End of tax-free living in Saudi Arabia as Cabinet approves VAT after oil slump
The Saudi Arabian government has approved an International Monetary Fund-backed Value Added Tax (VAT), to be imposed across the Gulf nations.
The decision, taken following an oil slump which has hit the revenue in Gulf states, will end the tax-free living that regional residents have enjoyed for a very long time.
The Saudi Council of Ministers approved the unified agreement on VAT and selective taxes in the Gulf Cooperation Council (GCC) states.
Besides Saudi Arabia, Bahrain, Kuwait, Oman, Qatar and the United Arab Emirates (UAE) are other members of the GCC. Other Gulf countries are also expected to implement taxation by the beginning of the next year.
The 2017 state budget of Saudi Arabia has recommended a 5 per cent VAT from 2018 which will apply to certain goods. The GCC agreed to implement the tax last June.

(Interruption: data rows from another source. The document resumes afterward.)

(* Suppose Assumption 3.2(i) and Assumption 4.2 hold, and for each $r>0$ let $0<a_r<b_r<\infty$ be numbers as in Assumption 4.2. Then $\limsup_{r\downarrow0}b_r<\infty$.
   Context: Standing setup. $W$ is a standard one-dimensional Brownian motion. $\mu,\sigma:[0,\infty)\to\mathbb R$ are continuous with $\sigma(x)>0$ for $x>0$, such that the SDE $dX_0(s)=\mu(X_0(s))ds+\sigma(X_0(s))dW(s)$ has a weak solution unique in law with state space $[0,\infty)$, for which $0$ is an unattainable (entrance or natural) boundary point and $\infty$ is a natural boundary point. The generator is $\mathcal Lf(x)=\frac12\sigma^2(x)f''(x)+\mu(x)f'(x)$. Fix constants $0<c_1<c_2$ and a nonnegative continuous function $h$ on $[0,\infty)$. A control is an adapted càdlàg process $\varphi=\xi-\eta$, where $\xi,\eta$ are nonnegative, nondecreasing, càdlàg, $\xi(0-)=\eta(0-)=0$, and the measures $d\xi,d\eta$ are mutually singular; it is admissible if the controlled equation $dX(s)=\mu(X(s))ds+\sigma(X(s))dW(s)+d\xi(s)-d\eta(s)$, $X(0-)=x\ge0$, has a unique nonnegative weak solution $X$. For $x\ge0$, $\mathscr A_x$ is the set of admissible controls with $\mathbb E_x[\xi(T)]\le K_1(x)T^n+K_2(x)$ for all $T>0$, where $K_1,K_2$ are fixed positive functions and $n\ge1$ a fixed integer. Define $V_r(x)=\sup_{\varphi\in\mathscr A_x}\mathbb E_x\big[\int_0^\infty e^{-rs}(h(X(s))ds+c_1d\eta(s)-c_2d\xi(s))\big]$ for $r>0$. Assumption 3.2(i): $\lim_{x\downarrow0}[h(x)+c_2\mu(x)]\le0$ and $\lim_{x\to\infty}[h(x)+c_1\mu(x)]<0$. Assumption 4.2: For each $r>0$ there exist $0<a_r<b_r<\infty$ such that $V_r\in C^2([0,\infty))$ and: for $x\in(a_r,b_r)$, $rV_r(x)-\mathcal LV_r(x)-h(x)=0$ and $c_1\le V_r'(x)\le c_2$; for $x\ge b_r$, $rV_r(x)-\mathcal LV_r(x)-h(x)\ge0$ and $V_r'(x)=c_1$; for $x\le a_r$, $rV_r(x)-\mathcal LV_r(x)-h(x)\ge0$ and $V_r'(x)=c_2$. *)

From Stdlib Require Import Reals.
From Coquelicot Require Import Coquelicot.
Open Scope R_scope.

Definition is_derive_nonneg (f f' : R -> R) : Prop :=
  (forall x, 0 < x -> is_derive f x (f' x)) /\
  filterlim (fun y => (f y - f 0) / (y - 0)) (at_right 0) (locally (f' 0)).

Definition continuous_nonneg (f : R -> R) : Prop :=
  (forall x, 0 < x -> continuous f x) /\
  filterlim f (at_right 0) (locally (f 0)).

Definition C2_nonneg (f f1 f2 : R -> R) : Prop :=
  is_derive_nonneg f f1 /\ is_derive_nonneg f1 f2 /\ continuous_nonneg f2.

(* generator L f (x) = 1/2 sigma^2 f'' + mu f', written via f1 = f', f2 = f'' *)
Definition gen (mu sigma f1 f2 : R -> R) (x : R) : R :=
  / 2 * (sigma x) ^ 2 * f2 x + mu x * f1 x.

Definition assumption_4_2_at (mu sigma h : R -> R) (c1 c2 r : R)
    (V : R -> R) (a b : R) : Prop :=
  0 < a /\ a < b /\
  exists V1 V2 : R -> R,
    C2_nonneg V V1 V2 /\
    (forall x, a < x < b ->
        r * V x - gen mu sigma V1 V2 x - h x = 0 /\ c1 <= V1 x <= c2) /\
    (forall x, b <= x ->
        r * V x - gen mu sigma V1 V2 x - h x >= 0 /\ V1 x = c1) /\
    (forall x, 0 <= x <= a ->
        r * V x - gen mu sigma V1 V2 x - h x >= 0 /\ V1 x = c2).

Definition assumption_3_2_i (mu h : R -> R) (c1 c2 : R) : Prop :=
  (exists l : Rbar, Rbar_le l 0 /\
     filterlim (fun x => h x + c2 * mu x) (at_right 0) (Rbar_locally l)) /\
  (exists l : Rbar, Rbar_lt l 0 /\
     filterlim (fun x => h x + c1 * mu x) (Rbar_locally p_infty) (Rbar_locally l)).

From Stdlib Require Import Reals Lra.
From Coquelicot Require Import Coquelicot.
Open Scope R_scope.

(* Fix r > 0 and write b = b_r.  On [b, oo) the value function
   has constant slope V' = c1, so V'' = 0 on (b, oo) and, by continuity of
   V'', also V''(b) = 0.  The HJB equation r V - L V - h = 0 holds on (a, b)
   and, every term being continuous, it extends to b.  At b it therefore
   reads  r V(b) = h(b) + c1 mu(b).  Since V >= 0 this forces
   h(b) + c1 mu(b) >= 0, whereas by Assumption 3.2(i) this quantity is
   negative beyond some threshold M.  Hence b_r <= M for EVERY r > 0, which is
   stronger than the required bound on the limsup as r -> 0.
   The file first proves two facts about continuous functions (a value
   attained at nearby points is attained at the point, one-sided versions),
   then the two consequences of Assumption 4.2 at b (V''(b) = 0 and the
   equation at b), the eventual negativity from Assumption 3.2(i), and
   finally the theorem. *)

Lemma continuous_value_from_nearby (f : R -> R) (x0 c : R) :
  continuous f x0 ->
  (forall d, 0 < d -> exists x, Rabs (x - x0) < d /\ f x = c) ->
  f x0 = c.
Proof.
  intros Hf Hnear.
  destruct (Req_dec (f x0) c) as [E | N]; [exact E | exfalso].
  assert (Heps : 0 < Rabs (f x0 - c) / 2).
  { assert (0 < Rabs (f x0 - c)) by (apply Rabs_pos_lt; lra). lra. }
  destruct (proj1 (filterlim_locally f (f x0)) Hf (mkposreal _ Heps)) as [d Hd].
  destruct (Hnear d (cond_pos d)) as [x [Hx Ex]].
  specialize (Hd x Hx).
  change (Rabs (f x - f x0) < Rabs (f x0 - c) / 2) in Hd.
  rewrite Ex, Rabs_minus_sym in Hd. lra.
Qed.

Lemma continuous_value_from_right (f : R -> R) (x0 e c : R) :
  0 < e -> continuous f x0 ->
  (forall x, x0 < x < x0 + e -> f x = c) -> f x0 = c.
Proof.
  intros He Hf Hc. apply (continuous_value_from_nearby f x0 c Hf).
  intros d Hd. exists (x0 + Rmin d e / 2).
  assert (0 < Rmin d e) by (apply Rmin_pos; lra).
  pose proof (Rmin_l d e). pose proof (Rmin_r d e).
  split; [rewrite Rabs_right; lra | apply Hc; lra].
Qed.

Lemma continuous_value_from_left (f : R -> R) (x0 e c : R) :
  0 < e -> continuous f x0 ->
  (forall x, x0 - e < x < x0 -> f x = c) -> f x0 = c.
Proof.
  intros He Hf Hc. apply (continuous_value_from_nearby f x0 c Hf).
  intros d Hd. exists (x0 - Rmin d e / 2).
  assert (0 < Rmin d e) by (apply Rmin_pos; lra).
  pose proof (Rmin_l d e). pose proof (Rmin_r d e).
  split; [rewrite Rabs_left; lra | apply Hc; lra].
Qed.

Lemma derive_zero_right_of_const (f f' : R -> R) (b c : R) :
  (forall x, b < x -> is_derive f x (f' x)) ->
  (forall x, b <= x -> f x = c) ->
  forall x, b < x -> f' x = 0.
Proof.
  intros Hd Hc x Hx.
  assert (Hconst : is_derive (fun _ => c) x (f' x)).
  { apply (is_derive_ext_loc f); [| now apply Hd].
    assert (Hp : 0 < x - b) by lra. exists (mkposreal _ Hp).
    intros t Ht. change (Rabs (t - x) < x - b) in Ht.
    apply Rabs_def2 in Ht. apply Hc. lra. }
  rewrite <- (is_derive_unique _ _ _ Hconst).
  apply is_derive_unique, (@is_derive_const R_AbsRing R_NormedModule).
Qed.

Lemma continuous_of_is_derive (f : R -> R) (x l : R) :
  is_derive f x l -> continuous f x.
Proof.
  intros Hd. apply (@ex_derive_continuous R_AbsRing R_NormedModule).
  now exists l.
Qed.

Lemma hjb_residual_continuous (mu sigma h V V1 V2 : R -> R) (r x : R) :
  continuous mu x -> continuous sigma x -> continuous h x ->
  continuous V x -> continuous V1 x -> continuous V2 x ->
  continuous (fun y => r * V y - gen mu sigma V1 V2 y - h y) x.
Proof.
  intros Cmu Csig Ch CV CV1 CV2. unfold gen.
  apply (continuous_minus (fun y => _ - _) h); [| exact Ch].
  apply (continuous_minus (fun y => r * V y)).
  - apply (continuous_mult (fun _ => r) V); [apply continuous_const | exact CV].
  - apply (continuous_plus (fun y => _ * V2 y) (fun y => mu y * V1 y)).
    + apply (continuous_mult (fun y => / 2 * sigma y ^ 2) V2); [| exact CV2].
      apply (continuous_mult (fun _ => / 2) (fun y => sigma y ^ 2));
        [apply continuous_const |].
      simpl. apply (continuous_mult sigma (fun y => sigma y * 1)); [exact Csig |].
      apply (continuous_mult sigma (fun _ => 1)); [exact Csig | apply continuous_const].
    + now apply (continuous_mult mu V1).
Qed.

Lemma hjb_at_upper_threshold (mu sigma h : R -> R) (c1 c2 r : R)
    (V : R -> R) (a b : R) :
  continuous_nonneg mu -> continuous_nonneg sigma -> continuous_nonneg h ->
  assumption_4_2_at mu sigma h c1 c2 r V a b ->
  r * V b = h b + c1 * mu b.
Proof.
  intros [Cmu _] [Csig _] [Ch _]
         [Ha [Hab [V1 [V2 [[[DV _] [[DV1 _] [CV2 _]]] [Hin [Hge _]]]]]]].
  assert (Hb : 0 < b) by lra.
  assert (Hslope : V1 b = c1) by apply (Hge b (Rle_refl b)).
  assert (Hcurv : V2 b = 0).
  { apply (continuous_value_from_right V2 b 1); [lra | apply CV2; lra |].
    intros x Hx. apply (derive_zero_right_of_const V1 V2 b c1); [| | lra].
    - intros y Hy. apply DV1. lra.
    - intros y Hy. apply (Hge y Hy). }
  assert (Hhjb : r * V b - gen mu sigma V1 V2 b - h b = 0).
  { apply (continuous_value_from_left
             (fun y => r * V y - gen mu sigma V1 V2 y - h y) b (b - a));
      [lra | |].
    - apply hjb_residual_continuous.
      + now apply Cmu.
      + now apply Csig.
      + now apply Ch.
      + exact (continuous_of_is_derive _ _ _ (DV b Hb)).
      + exact (continuous_of_is_derive _ _ _ (DV1 b Hb)).
      + now apply CV2.
    - intros x Hx. apply (Hin x). lra. }
  unfold gen in Hhjb. rewrite Hcurv, Hslope in Hhjb. lra.
Qed.

Lemma eventually_neg_of_neg_limit (f : R -> R) (l : Rbar) :
  Rbar_lt l 0 -> filterlim f (Rbar_locally p_infty) (Rbar_locally l) ->
  exists M, forall x, M < x -> f x < 0.
Proof.
  intros Hl Hlim. destruct l as [l | |]; simpl in Hl; try contradiction.
  - assert (Hp : 0 < - l / 2) by lra.
    destruct (Hlim (fun y => Rabs (y - l) < - l / 2)) as [M HM].
    { now exists (mkposreal _ Hp). }
    exists M. intros x Hx. specialize (HM x Hx). apply Rabs_def2 in HM. lra.
  - destruct (Hlim (fun y => y < 0)) as [M HM]; [now exists 0 |].
    now exists M.
Qed.

Theorem lemma4p6 (mu sigma h : R -> R) (c1 c2 : R) (V : R -> R -> R) (a b : R -> R) :
  continuous_nonneg mu -> continuous_nonneg sigma ->
  (forall x, 0 < x -> 0 < sigma x) ->
  continuous_nonneg h -> (forall x, 0 <= x -> 0 <= h x) ->
  0 < c1 -> c1 < c2 ->
  (forall r x, 0 < r -> 0 <= x -> 0 <= V r x) ->
  assumption_3_2_i mu h c1 c2 ->
  (forall r, 0 < r -> assumption_4_2_at mu sigma h c1 c2 r (V r) (a r) (b r)) ->
  exists M delta, 0 < delta /\ forall r, 0 < r < delta -> b r <= M.
Proof.
  intros Cmu Csig _ Ch _ _ _ Vnonneg [_ [l [Hl Hlim]]] H42.
  destruct (eventually_neg_of_neg_limit _ l Hl Hlim) as [M HM].
  (* b_r <= M for every r > 0; the choice delta = 1 is immaterial. *)
  exists M, 1. split; [lra |]. intros r [Hr _].
  assert (Hb : 0 < b r) by (destruct (H42 r Hr) as [Ha [Hab _]]; lra).
  pose proof (hjb_at_upper_threshold mu sigma h c1 c2 r (V r) (a r) (b r)
                Cmu Csig Ch (H42 r Hr)) as Hid.
  pose proof (Vnonneg r (b r) Hr (Rlt_le _ _ Hb)).
  destruct (Rle_or_lt (b r) M) as [Hle | Hgt]; [exact Hle | exfalso].
  specialize (HM (b r) Hgt). nra.
Qed.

The countries have already introduced taxes on tobacco, soft and energy drinks this year. The tax on tobacco, currently at 50 percent, will be increased to 100 percent, at the same level as those for energy drinks and sodas.
In a session chaired by King Salman, the Cabinet gave its nod to the measure after deeming that the Kingdom is ready to implement the taxation system, the Saudi Press Agency (SPA) said.
“A Royal Decree has been prepared,” the official agency said.
Residents of Gulf countries have long enjoyed a tax-free and heavily subsidized existence.
The move to impose tax in GCC countries are in line with the recommendations of IMF which had asked the Gulf countries to impose revenue-raising measures including excise and value added taxes to help their adjustment to lower crude oil prices which have slowed growth in the region.